Other Option: Trea Turner ($5,400)
Kolten Wong, Milwaukee Brewers at San Francisco Giants ($3,800) — The implied team total for the Brewers is low (4 runs), so a Brewers stack is unlikely, but cheap lefties vs. Cueto does not seem like a bad idea. Wong has a .340 wOBA, .174 ISO, 112 wRC+ and a 35% hard contact rate against right-handed pitching.
Other Option: DJ LeMahieu ($)
Editor’s Note: Astros 3B Alex Bregman is not in the starting lineup vs. the Mariners.

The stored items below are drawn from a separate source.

Lemma integral_majorant_le_tail (n : nat) (a b : R) :
  0 <= a -> a < b -> b <= a + n%:R ->
  (\int[mu]_(s in `]a, b]) (majorant s)%:E <= (tail_bound delta c a)%:E)%E.
Proof.
elim: n a => [|n IH] a a0 ab bn.
  by move: bn; rewrite addr0 => /(lt_le_trans ab); rewrite ltxx.
have step := tail_bound_step delta_gt0 c_ge0 a0.
have next_gt0 := tail_bound_gt0 delta_gt0 c_ge0 (a + 1).
have [ba1|a1b] := leP b (a + 1).
  by apply: le_trans (integral_majorant_unit a0 ab ba1) _; rewrite lee_fin; lra.
have b0 : 0 <= b by lra.
have split : (`]a, b]%classic : set L) = `]a, a + 1] `|` `]a + 1, b].
  by rewrite -itv_bndbnd_setU ?bnd_simp ?lerDl ?(ltW a1b).
rewrite split ge0_integral_setU -?split; first last.
- exact: disj_itv_adjacent.
- move=> s /= /[!in_itv] /andP[/ltW/(le_trans a0) s0 _].
  by rewrite lee_fin majorant_ge0.
- apply/measurable_EFinP.
  exact (measurable_majorant b0 (leb_measurable_itv _) (itv_oc_subset_cc0 a0)).
- exact: leb_measurable_itv.
- exact: leb_measurable_itv.
have unit := integral_majorant_unit a0 (ltr_pwDr ltr01 (lexx a)) (lexx (a + 1)).
have rest : (\int[mu]_(s in `](a + 1)%R, b]) (majorant s)%:E
    <= (tail_bound delta c (a + 1))%:E)%E.
  by apply: IH; [lra | exact: a1b | move: bn; rewrite -natr1; lra].
by apply: le_trans (leeD unit rest) _; rewrite -EFinD lee_fin; lra.
Qed.

Lemma discounted_payoff_le_tail (T T' : R) : 0 <= T -> T < T' ->
  (\int[mu]_(t in Icc T T') (expR (- delta * t) * (ln (x t) + ln (y t)))%:E
    <= (tail_bound delta c T)%:E)%E.
Proof.
move=> T0 TT'; have T'0 := le_trans T0 (ltW TT').
have ITt t : Icc T T' t -> 0 <= t by rewrite /Icc /= in_itv => /andP[/(le_trans T0)].
apply: (@le_trans _ _ (\int[mu]_(t in Icc T T') (majorant t)%:E)%E).
  apply: le_integral_nneg_majorant => t /ITt t0; first by rewrite lee_fin majorant_ge0.
  rewrite lee_fin ler_wpM2l ?expR_ge0//.
  by rewrite lnD_le_logistic_rhs ?logistic_solution_gt0 ?y_gt0.
rewrite ge0_integral_itv_cc_oc; last 2 first.
- have sub : Icc T T' `<=` Icc 0 T' by apply: subset_itvScc; rewrite bnd_simp.
  apply/measurable_EFinP.
  exact (measurable_majorant T'0 (leb_measurable_itv _) sub).
- by move=> t /ITt t0; rewrite lee_fin majorant_ge0.
have [n Tn] := exists_natr_ge (T' - T).
by apply: (integral_majorant_le_tail (n := n)) => //; lra.
Qed.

Alex Bregman, Houston Astros at Seattle Mariners ($5,000) — Since returning form the IL, Bregman has done very little to justify his price tag — four singles and a double are nice, but they’re not winning GPPs. Most DFS players will take a wait-and-see approach and that means opportunistic DFS players will get low ownership on a high upside player. If we look closer at Bregman’s at-bats, we’ll find a 58.3% hard contact rate and a 50% fly ball rate. Forget about the singles, home runs are coming.

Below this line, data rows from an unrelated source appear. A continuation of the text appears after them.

Lemma brBl x y z : br (x - y) z = br x z - br y z.
Proof. by rewrite brDl brNl. Qed.

Hypothesis br_leibniz : right_leibniz br.

Lemma sq_ideal_annihilated x w : sq_ideal br w -> br x w = 0.
Proof.
move=> Iw; move: x; apply: (Iw (fun w => forall x, br x w = 0)) => [|y x]; last first.
  by apply/(addrI (br (br x y) y)); rewrite -br_leibniz addr0.
split=> [x | a y z y0 z0 x | s y s0]; first exact: br0r.
  by rewrite br_bilin.2 y0 z0 scaler0 addr0.
split=> x.
  by have := br_leibniz x s y; rewrite !s0 br0l add0r.
by have := br_leibniz x y s; rewrite !s0 br0l add0r => /esym.
Qed.

Lemma br_weight l x y s t :
  br x l = s *: x -> br y l = t *: y -> br (br x y) l = (s + t) *: br x y.
Proof. by move=> xl yl; rewrite br_leibniz xl yl brZl brZr scalerDl. Qed.

End Leibniz.

Section Char0.
Variable C : fieldType.
Hypothesis C0 : [pchar C] =i pred0.

Lemma pchar0_intr_eq0 (z : int) : (z%:~R == 0 :> C) = (z == 0).
Proof. by case: z => n; rewrite ?NegzE ?intrN ?oppr_eq0 -?pmulrn (pcharf0P C).1. Qed.

Lemma half_neq_intr (k : int) : (2^-1 : C) != k%:~R.
Proof.
have two_neq0 : (2 : C) != 0 by rewrite (pcharf0P C).1.
apply/eqP=> half_k.
have /eqP : ((2 * k - 1)%:~R : C) = 0 by rewrite intrD intrM -half_k mulfV ?subrr.
rewrite pchar0_intr_eq0; lia.
Qed.

End Char0.

Section Bases.
Variable C : fieldType.

Lemma is_basis_delta n : is_basis (fun j : 'I_n => delta_mx (0 : 'I_1) j : 'rV[C]_n).
Proof.
move=> v; exists (fun j => v 0 j); split=> [|c vc]; first exact: row_sum_delta.
have -> : v = \row_j c j.
  by rewrite vc [RHS]row_sum_delta; apply: eq_bigr => j _; rewrite mxE.
by apply: functional_extensionality => j; rewrite mxE.
Qed.

Definition unit_row n (k : nat) : 'rV[C]_n := \row_(j < n) (if val j == k then 1 else 0).

Lemma unit_row_delta n (i : 'I_n) : unit_row n i = delta_mx 0 i.
Proof. by apply/rowP => j; rewrite !mxE eqxx val_eqE; case: (j == i). Qed.

Lemma is_basis_unit_row n : is_basis (fun i : 'I_n => unit_row n i).
Proof.
have -> : (fun i : 'I_n => unit_row n i) = (fun i => delta_mx 0 i).
  by apply: functional_extensionality => i; rewrite unit_row_delta.
exact: is_basis_delta.
Qed.

End Bases.

Section ExtensionBasis.
Variables (C : fieldType) (L U W : lmodType C).
Variables (pi : {linear L -> W}) (phi : {linear U -> L}).
Hypotheses (phi_inj : injective phi) (ker_pi : forall x, pi x = 0 <-> exists u, x = phi u).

Other Option: Justin Turner ($4,700)
Rougned Odor, New York Yankees at Los Angeles Angels ($3,100) — Jose Quintana ($5,100) is a starter again and he probably should not be. At times, Quintana is an elite strikeout pitcher, but more often than not, he gets beat around — 4.91 FIP in his last three appearances. Odor has .335 wOBA and a .227 ISO against left-handed pitching.
Other Option: Kyle Seager ($4,000)
Xander Bogaerts, Boston Red Sox at Tampa Bay Rays ($5,800) — The problem with Bogaerts — from the DFS perspective — is that he does not elevate the ball enough. DFS players want home runs not line drives. Bogaerts’ match up against Luis Patino ($7,200) is a great opportunity for Bogaerts to club his 21st home run of the season because Patino is allowing a 52% fly ball rate and 1.6 HR/9 to right-handed batters.
Other Option: Bo Bichette ($5,300)
Nick Maton, Philadelphia Phillies at Washington Nationals ($2,800) — On Sunday, Maton returned to the big leagues with Didi Gregorious going on the paternity list. Before getting sent down, Maton was a below average hitter, but that’s not terrible for a rookie middle-infielder. In Triple-A, Maton did not respond well to his demotion and was terrible, so this is a straight punt.
Other Option: Andrew Velazquez ($2,000)
Bryce Harper, Philadelphia Phillies at Washington Nationals ($6,400) — As always, Harper is crushing right-handed pitching this season — .447 wOBA (second), .345 ISO (fourth), 182 wRC+ (second) and a 48% hard contact rate (second). He ranks at the top of every important category against right-handed pitching, so he’s basically the best hitter in baseball this season. On Monday night, he faces a prospect that is learning the ropes the hard way — Josiah Gray ($8,800) has surrendered a .250 ISO, 36% hard contact rate, 57% fly ball rate and 2.5 HR/9 to left-handed batters.
Other Option: Aaron Judge ($5,400)
Jake Meyers, Houston Astros at Seattle Mariners ($2,500) — Since becoming an every day player a couple weeks ago, Meyers has become the player that Houston fans were expecting. In 61 at-bats as a regular, he has a .391 wOBA, .224 ISO and a 155 wRC+. It’s amazing that more people are not talking about him and that his price has not budged this month.